Defense conversion, if I’m not mistaken, is something U.S. has been working very hard on the past two decades as well. In fact, the author of the Jamestown piece, Dan Verton, seems to be doing very well working in precisely that sort of overlapping civilian/military industry. He runs HomelandSecurityTelevision.com, which offers Tech Showcase videos on DHS and military related technology from such dual-use superstars as Northrup Grumman (HST gave them an award), Iridium, and… wait for it… Cisco! He’s also got a Homeland Security Social Network. I hope Boeing writes on my FunWall. And just to add more irony, he has a security issues training/speaking/video service company named… I kid you not… Red Team.
Additional Notes:
1) Note for the Olympics: Verton alleges that “prominent Beijing hotels, such as the Palace Hotel, the Great Wall Hotel, and the Xiang Shan Hotel, are known to monitor the activities of their clientele.” In what way? Are they Van Eck phreaking?
2) The spider web metaphor recalls the “ants carrying grains of sand” metaphor made in the past, and both recall Cold War comparisons of Chinese people to insects. The suggestion of some sort of hive behavior that keeps cropping up kinda flies in the face of how much economic espionage appears motivated not by a grand strategy but personal greed.
2b)I’ve been looking again at the “grains of sand” Chinese saying that is often referred to in articles about Chinese espionage. It’s not from Sun Zi, but a Buddhist saying 聚沙成塔 (many grains of sand will a pagoda make). But there’s an even better one: 集腋成裘 (many tufts of fox armpit fur will a fur coat make).

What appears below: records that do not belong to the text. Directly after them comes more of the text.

Definition cpx_eqb (x y : cpx) : bool :=
  if Req_EM_T (cre x) (cre y) then
    if Req_EM_T (cim x) (cim y) then true else false
  else false.

Lemma cpx_eqP : Equality.axiom cpx_eqb.
Proof.
move=> [a b] [c d]; rewrite /cpx_eqb /=.
case: (Req_EM_T a c) => [h|h]; last by constructor => -[].
case: (Req_EM_T b d) => [h'|h']; first by constructor; rewrite h h'.
by constructor => -[].
Qed.
HB.instance Definition _ := hasDecEq.Build cpx cpx_eqP.

Definition cpx_find (P : pred cpx) (n : nat) : option cpx :=
  match excluded_middle_informative (exists x, P x) with
  | left H => Some (proj1_sig (constructive_indefinite_description _ H))
  | right _ => None
  end.

Lemma cpx_find_correct P n x : cpx_find P n = Some x -> P x.
Proof.
rewrite /cpx_find; case: excluded_middle_informative => // H [<-].
exact: proj2_sig (constructive_indefinite_description _ H).
Qed.
Lemma cpx_find_complete (P : pred cpx) : (exists x, P x) -> exists n, cpx_find P n.
Proof.
move=> H; exists 0%N; rewrite /cpx_find; by case: excluded_middle_informative.
Qed.
Lemma cpx_find_ext (P Q : pred cpx) : P =1 Q -> cpx_find P =1 cpx_find Q.
Proof. by move=> h; have -> : P = Q by apply: functional_extensionality. Qed.
HB.instance Definition _ := hasChoice.Build cpx cpx_find_correct cpx_find_complete cpx_find_ext.

Definition cpx0 := Cpx 0 0.
Definition cpx1 := Cpx 1 0.
Definition cpx_add x y := Cpx (cre x + cre y) (cim x + cim y).
Definition cpx_opp x := Cpx (- cre x) (- cim x).
Definition cpx_mul x y := Cpx (cre x * cre y - cim x * cim y) (cre x * cim y + cim x * cre y).
Definition cpx_inv x := Cpx (cre x / (cre x * cre x + cim x * cim x))
                            (- cim x / (cre x * cre x + cim x * cim x)).

Lemma cpx_addA : associative cpx_add.
Proof. move=> [a b] [c d] [e f]; rewrite /cpx_add /=; f_equal; ring. Qed.
Lemma cpx_addC : commutative cpx_add.
Proof. move=> [a b] [c d]; rewrite /cpx_add /=; f_equal; ring. Qed.
Lemma cpx_add0 : left_id cpx0 cpx_add.
Proof. move=> [a b]; rewrite /cpx_add /=; f_equal; ring. Qed.
Lemma cpx_addN : left_inverse cpx0 cpx_opp cpx_add.
Proof. move=> [a b]; rewrite /cpx_add /cpx0 /=; f_equal; ring. Qed.
HB.instance Definition _ := GRing.isZmodule.Build cpx cpx_addA cpx_addC cpx_add0 cpx_addN.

More importantly, I still haven’t seen anyone tackle how effective such a strategy would be in technological espionage – for example, its entirely unclear that the nuclear data the Cox Committee wet its collective pants over was any use at all to China.

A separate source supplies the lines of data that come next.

Lemma char_formB (Rg : comPzRingType) (k n a b z y z' y' : Rg) :
  char_form k n a b z y - char_form k n a b z' y' =
  (y - y') * (k + y + y' + a * z) + (z - z') * (k * n + a * y' + b * (z + z')).
Proof. by rewrite /char_form; ring. Qed.

Lemma horner_char_form (F : comNzRingType) (k n a b : F) (p q : {poly F}) x :
  (char_form k%:P n%:P a%:P b%:P p q).[x] = char_form k n a b p.[x] q.[x].
Proof.
by rewrite /char_form !(hornerD, hornerM, hornerC, hornerXn, horner_exp).
Qed.

Lemma coef_char_form (F : comNzRingType) (k n a b : F) (p q : {poly F}) j :
  (char_form k%:P n%:P a%:P b%:P p q)`_j =
  k * (q`_j + n * p`_j) + (q * q)`_j + a * (q * p)`_j + b * (p * p)`_j.
Proof. by rewrite /char_form -!mulrA !expr2 !coefE. Qed.

Section PowerBounds.
Variable R : realType.
Local Notation C := R[i].

Definition bigO_pow (m : nat) (g : R -> C) : Prop :=
  exists2 K : C, 0 <= K &
    forall th : R, `|th| <= 1 -> `|g th| <= K * `|th|%:C ^+ m.

Lemma bigO_pow_ext m (f g : R -> C) :
  (forall th, f th = g th) -> bigO_pow m f -> bigO_pow m g.
Proof. by move=> fg [K K0 hf]; exists K => // th; rewrite -fg; apply: hf. Qed.

Lemma bigO_powW m p (f : R -> C) : (m <= p)%N -> bigO_pow p f -> bigO_pow m f.
Proof.
move=> mp [K K0 hf]; exists K => // th th1; apply: le_trans (hf _ th1) _.
by rewrite ler_wpM2l // ler_wiXn2l // ?ler0c // -(rmorph1 (real_complex R)) lecR.
Qed.

Lemma bigO_powD m (f g : R -> C) :
  bigO_pow m f -> bigO_pow m g -> bigO_pow m (fun th => f th + g th).
Proof.
move=> [K K0 hf] [L L0 hg]; exists (K + L); first exact: addr_ge0.
move=> th th1; rewrite mulrDl.
exact: le_trans (ler_normD _ _) (lerD (hf _ th1) (hg _ th1)).
Qed.

Lemma bigO_powN m (f : R -> C) : bigO_pow m f -> bigO_pow m (fun th => - f th).
Proof. by move=> [K K0 hf]; exists K => // th; rewrite normrN; apply: hf. Qed.

Lemma bigO_powM m p (f g : R -> C) :
  bigO_pow m f -> bigO_pow p g -> bigO_pow (m + p) (fun th => f th * g th).
Proof.
move=> [K K0 hf] [L L0 hg]; exists (K * L); first exact: mulr_ge0.
move=> th th1; rewrite normrM exprD mulrACA.
by apply: ler_pM => //; [apply: hf | apply: hg].
Qed.

Lemma bigO_pow_cst (a : C) : bigO_pow 0 (fun=> a).
Proof. by exists `|a| => // th _; rewrite expr0 mulr1. Qed.

Lemma bigO_pow_horner m (P : {poly C}) :
  (forall j, (j < m)%N -> P`_j = 0) -> bigO_pow m (fun th => P.['i * th%:C]).
Proof.
move=> P_low; exists (\sum_(j < size P) `|P`_j|); first exact: sumr_ge0.
move=> th th1; rewrite -norm_i_real; apply: norm_horner_le => //.
by rewrite norm_i_real -(rmorph1 (real_complex R)) lecR.
Qed.

Lemma bigO_pow_taylor (a : R) : `|a| <= 1 ->
  bigO_pow 5 (fun th => expi (a * th) - (exp_taylor4 a%:C).['i * th%:C]).
Proof.
move=> a1; exists 2 => // th th1.
have ath : `|a * th| <= `|th| by rewrite normrM ler_piMl.
have -> : (exp_taylor4 a%:C).['i * th%:C] = (exp_taylor4 1).['i * (a * th)%:C].
  by rewrite !horner_exp_taylor4 rmorphM /=; congr (_ + _ + _ + _ + _); ring.
apply: le_trans (expi_taylor_err (le_trans ath th1)) _.
by rewrite ler_pM2l // -!rmorphXn lecR lerXn2r // nnegrE.
Qed.

Lemma bigO_pow1_small (g : R -> C) : bigO_pow 1 g ->
  forall eps : R, 0 < eps ->
  exists2 d : R, 0 < d & forall th, `|th| < d -> `|g th| < eps%:C.
Proof.
move=> [K K0 hg] eps eps0.
have [k k0 Kk] := ge0_complex_real K0; rewrite {}Kk in hg.
have k1 : 0 < k + 1 by lra.
exists (Num.min 1 (eps / (k + 1))); first by rewrite lt_min ltr01 divr_gt0.
move=> th; rewrite lt_min ltr_pdivlMr // => /andP[th1 th_eps].
apply: le_lt_trans (hg _ (ltW th1)) _; rewrite expr1 -rmorphM ltcR.
by have := normr_ge0 th; nra.
Qed.

Lemma bigO_pow_char_formB m (k n a b : C) (z y z' y' : R -> C) :
  bigO_pow m (fun th => z th - z' th) -> bigO_pow m (fun th => y th - y' th) ->
  bigO_pow 0 z' -> bigO_pow 0 y' ->
  bigO_pow m (fun th =>
    char_form k n a b (z th) (y th) - char_form k n a b (z' th) (y' th)).
Proof.
move=> dz dy hz' hy'.
have hz : bigO_pow 0 z.
  by apply: bigO_pow_ext (bigO_powD (bigO_powW _ dz) hz') => // th; rewrite subrK.
have hy : bigO_pow 0 y.
  by apply: bigO_pow_ext (bigO_powD (bigO_powW _ dy) hy') => // th; rewrite subrK.
have Mcst (f : R -> C) e : bigO_pow 0 f -> bigO_pow 0 (fun th => e * f th).
  exact: bigO_powM (bigO_pow_cst e).
rewrite -[m]addn0; apply: bigO_pow_ext; first by move=> th; rewrite char_formB.
apply: bigO_powD; apply: bigO_powM => //.
- apply: bigO_powD; last exact: Mcst.
  by apply: bigO_powD => //; apply: bigO_powD => //; apply: bigO_pow_cst.
- apply: bigO_powD; last by apply: Mcst; apply: bigO_powD.
  by apply: bigO_powD; [apply: bigO_pow_cst | apply: Mcst].
Qed.

Lemma bigO_pow_div m (g h G : R -> C) (kap d : R) : 0 < kap -> 0 < d ->
  (forall th, `|th| < d -> g th * h th = G th /\ kap%:C <= `|h th|) ->
  bigO_pow m G ->
  exists2 K : R, 0 < K & exists2 d' : R, 0 < d' &
    forall th, `|th| < d' -> `|g th| <= K%:C * `|th|%:C ^+ m.
Proof.
move=> kap0 d0 ghG [K K0 hG].
have [k k0 Kk] := ge0_complex_real K0; rewrite {}Kk in hG.
exists (k / kap + 1); first by have := divr_ge0 k0 (ltW kap0); lra.
exists (Num.min d 1); first by rewrite lt_min d0 ltr01.
move=> th; rewrite lt_min => /andP[thd th1]; have [gh h_lb] := ghG th thd.
have : `|g th| * kap%:C <= k%:C * `|th|%:C ^+ m.
  by apply: le_trans (hG _ (ltW th1)); rewrite -gh normrM ler_wpM2l.
rewrite -ler_pdivlMr ?ltcR // => /le_trans; apply.
rewrite -rmorphXn -fmorphV -!rmorphM lecR mulrAC mulrDl mul1r lerDl.
by rewrite exprn_ge0.
Qed.

End PowerBounds.

Definition af_k (F : pzRingType) (n r s : F) := n * (1 - n) * (r + s).
Definition af_a (F : pzRingType) (n s t u : F) :=
  n * (1 + (1 - n) * (u - t)) + n * (1 - (1 - n) * s).
Definition af_b (F : pzRingType) (n r s t u : F) :=
  n * (1 + (1 - n) * (u - t)) * (n * (1 - (1 - n) * s)) +
  n * (1 - n) * u * af_k n r s.
Definition af_err (F : fieldType) (n r s : F) :=
  (n - 1) * n * ((n - 2) * (n + 1) + 18 / (r + s)) / 72.

Lemma det_mx22 (Rg : comPzRingType) (A : 'M[Rg]_2) :
  \det A = A 0 0 * A 1 1 - A 0 1 * A 1 0.
Proof.
have lift01 : lift 0 0 = 1 :> 'I_2 by apply/val_inj.
have lift10 : lift 1 0 = 0 :> 'I_2 by apply/val_inj.
rewrite (expand_det_row _ 0) !big_ord_recl big_ord0 /cofactor !det_mx11 !mxE.
by rewrite /= lift01 lift10 addr0 expr0 expr1 mul1r mulN1r mulrN.
Qed.

Lemma eigenvalue_det (F : fieldType) m (A : 'M[F]_m) a :
  eigenvalue A a -> \det (a%:M - A) = 0.
Proof.
move=> /eigenvalueP[v vA v_nz]; apply/eqP/det0P; exists v => //.
by rewrite mulmxBr vA mul_mx_scalar subrr.
Qed.

Lemma det_Amat (R : realType) (nu r s t u th : R) (lam : R[i]) :
  \det (lam%:M - Amat nu r s t u th) =
  char_form (af_k nu%:C r%:C s%:C) nu%:C (af_a nu%:C s%:C t%:C u%:C)
    (af_b nu%:C r%:C s%:C t%:C u%:C) (1 - expi (- th)) (lam - 1).
Proof.
rewrite det_mx22 !mxE /= mulr1n mulr0n /char_form /af_b /af_a /af_k; ring.
Qed.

3) Dan Verton also went ballistic over Google.cn and its collaboration with censorship, though Google.com ultimately remained available and untouched, with google.cn as a sort of fig leaf.

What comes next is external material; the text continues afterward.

(* Let $m\ge4$, let $\mathcal W_1$ be an $m\times m$ quadrilateral labyrinth set in $Q$, and let $L_\infty$ be the associated quadrilateral labyrinth fractal. Then the interior of $L_\infty$ in $\mathbb{R}^2$ is empty.
   Context: Let $Q$ be a convex quadrilateral in $\mathbb{R}^2$. Divide $Q$ into two triangles by its shorter diagonal (either diagonal if they have equal length). Label the vertices $Q_1,Q_2,Q_3,Q_4$ anticlockwise, starting at an endpoint of that diagonal, so that the diagonal is $Q_1Q_3$. Let $\Delta_1$ be the closed triangle $Q_1Q_2Q_3$ and $\Delta_2$ the closed triangle $Q_3Q_4Q_1$. Every $x\in Q$ has a unique representation $x=\sum_{i=1}^4\alpha_iQ_i$, defined as follows. If $x\in\Delta_1$, then $\alpha_4=0$ and $(\alpha_1,\alpha_2,\alpha_3)$ are the barycentric coordinates of $x$ in $\Delta_1$. If $x\in\Delta_2$, then $\alpha_2=0$ and $(\alpha_1,\alpha_3,\alpha_4)$ are the barycentric coordinates of $x$ in $\Delta_2$. For an ordered quadruple $V=(V_1,\dots,V_4)$ define $P_V:Q\to\mathbb{R}^2$ by $P_V(x)=\sum_i\alpha_iV_i$. For an integer $m\ge2$, define the following index sets: - $A_1=\{(k_1,k_2,k_3,0)\in\mathbb{Z}_{\ge0}^4:k_1+k_2+k_3=m-1,\ k_2\ne0\}$, - $A_2=\{(k_1,0,k_3,k_4)\in\mathbb{Z}_{\ge0}^4:k_1+k_3+k_4=m-1,\ k_4\ne0\}$, - $A_3=\{(k_1,0,k_3,0)\in\mathbb{Z}_{\ge0}^4:k_1+k_3=m-1\}$, - $A=A_1\cup A_2\cup A_3$. For $k\in A$, let $S_m(k)$ be the quadrilateral with ordered vertices $R_1R_2R_3R_4$ given below. - If $k\in A_1$: $R_1=\frac{(k_1+1)Q_1+k_2Q_2+k_3Q_3}{m}$, $R_2=\frac{k_1Q_1+(k_2+1)Q_2+k_3Q_3}{m}$, $R_3=\frac{k_1Q_1+k_2Q_2+(k_3+1)Q_3}{m}$, $R_4=\frac{(k_1+1)Q_1+(k_2-1)Q_2+(k_3+1)Q_3}{m}$. - If $k\in A_2$: $R_1=\frac{(k_1+1)Q_1+k_3Q_3+k_4Q_4}{m}$, $R_2=\frac{(k_1+1)Q_1+(k_3+1)Q_3+(k_4-1)Q_4}{m}$, $R_3=\frac{k_1Q_1+(k_3+1)Q_3+k_4Q_4}{m}$, $R_4=\frac{k_1Q_1+k_3Q_3+(k_4+1)Q_4}{m}$. - If $k\in A_3$: $R_1=\frac{(k_1+1)Q_1+k_3Q_3}{m}$, $R_2=\frac{k_1Q_1+Q_2+k_3Q_3}{m}$, $R_3=\frac{k_1Q_1+(k_3+1)Q_3}{m}$, $R_4=\frac{k_1Q_1+k_3Q_3+Q_4}{m}$. Let $\mathcal S_m=\{S_m(k):k\in A\}$. For $\mathcal W\subseteq\mathcal S_m$, the graph $\mathcal G(\mathcal W)$ has vertex set $\mathcal W$, with two elements adjacent iff they have a common side. An $m\times m$ quadrilateral labyrinth set ($m\ge4$) is a set $\mathcal W_1\subseteq\mathcal S_m$ satisfying three properties. (1) Tree property: $\mathcal G(\mathcal W_1)$ is a tree. (2) Exit property: there is exactly one $(k_1,k_2,0,0)\in A$ with $S_m(k_1,k_2,0,0)\in\mathcal W_1$ and $S_m(0,0,k_2,k_1)\in\mathcal W_1$. There is also exactly one $(k_1,0,0,k_4)\in A$ with $S_m(k_1,0,0,k_4)\in\mathcal W_1$ and $S_m(0,k_1,k_4,0)\in\mathcal W_1$. (3) Corner property: $\mathcal W_1$ contains at most one element of $\{S_m(m-1,0,0,0),S_m(0,0,m-1,0)\}$ and at most one element of $\{S_m(0,m-1,0,0),S_m(0,0,0,m-1)\}$. Define recursively for $n\ge2$: $\mathcal W_n=\{P_{W}(W'):W'\in\mathcal W_1,\ W\in\mathcal W_{n-1}\}$. Here $P_W(W')$ is the quadrilateral whose ordered vertices are the images under $P_W$ of the ordered vertices of $W'$. Let $L_n=\bigcup_{W\in\mathcal W_n}W$ (closed regions) and $L_\infty=\bigcap_{n\ge1}L_n$. *)

From Stdlib Require Import Reals Lra List.
Import ListNotations.
Open Scope R_scope.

4) Bill Geertz of the Washington Times has been subpoenaed to explain how he received grand jury information in the Chi Mak case. I’m not a terribly big fan of Bill Geertz, but demanding a reporter justify the “newsworthiness” of his work in court sounds like a really bad idea. Moreover, the judge in question is the same one who considered encryption a sign of guilt. And L.A. courts seem to be on a roll deeming the use of privacy software potentially incriminating.
I guess if the Chinese government and its companies were more transparent and accountable there would be far less negative speculation about their motives and activities.
As it is, some observers will take an uncertain situation and assume there’s nothing wrong, while others will take the same situation assume there is something wrong. Solution? If there’s nothing to hide, don’t hide it. Countering speculation with speculation gets us nowhere.
If the pit hair can’t make a coat, make a big brush out of it:
http://www.forbes.com/global/2008/0721/042.html
Essentially Asian-American’s loyalty is being questioned as a whole.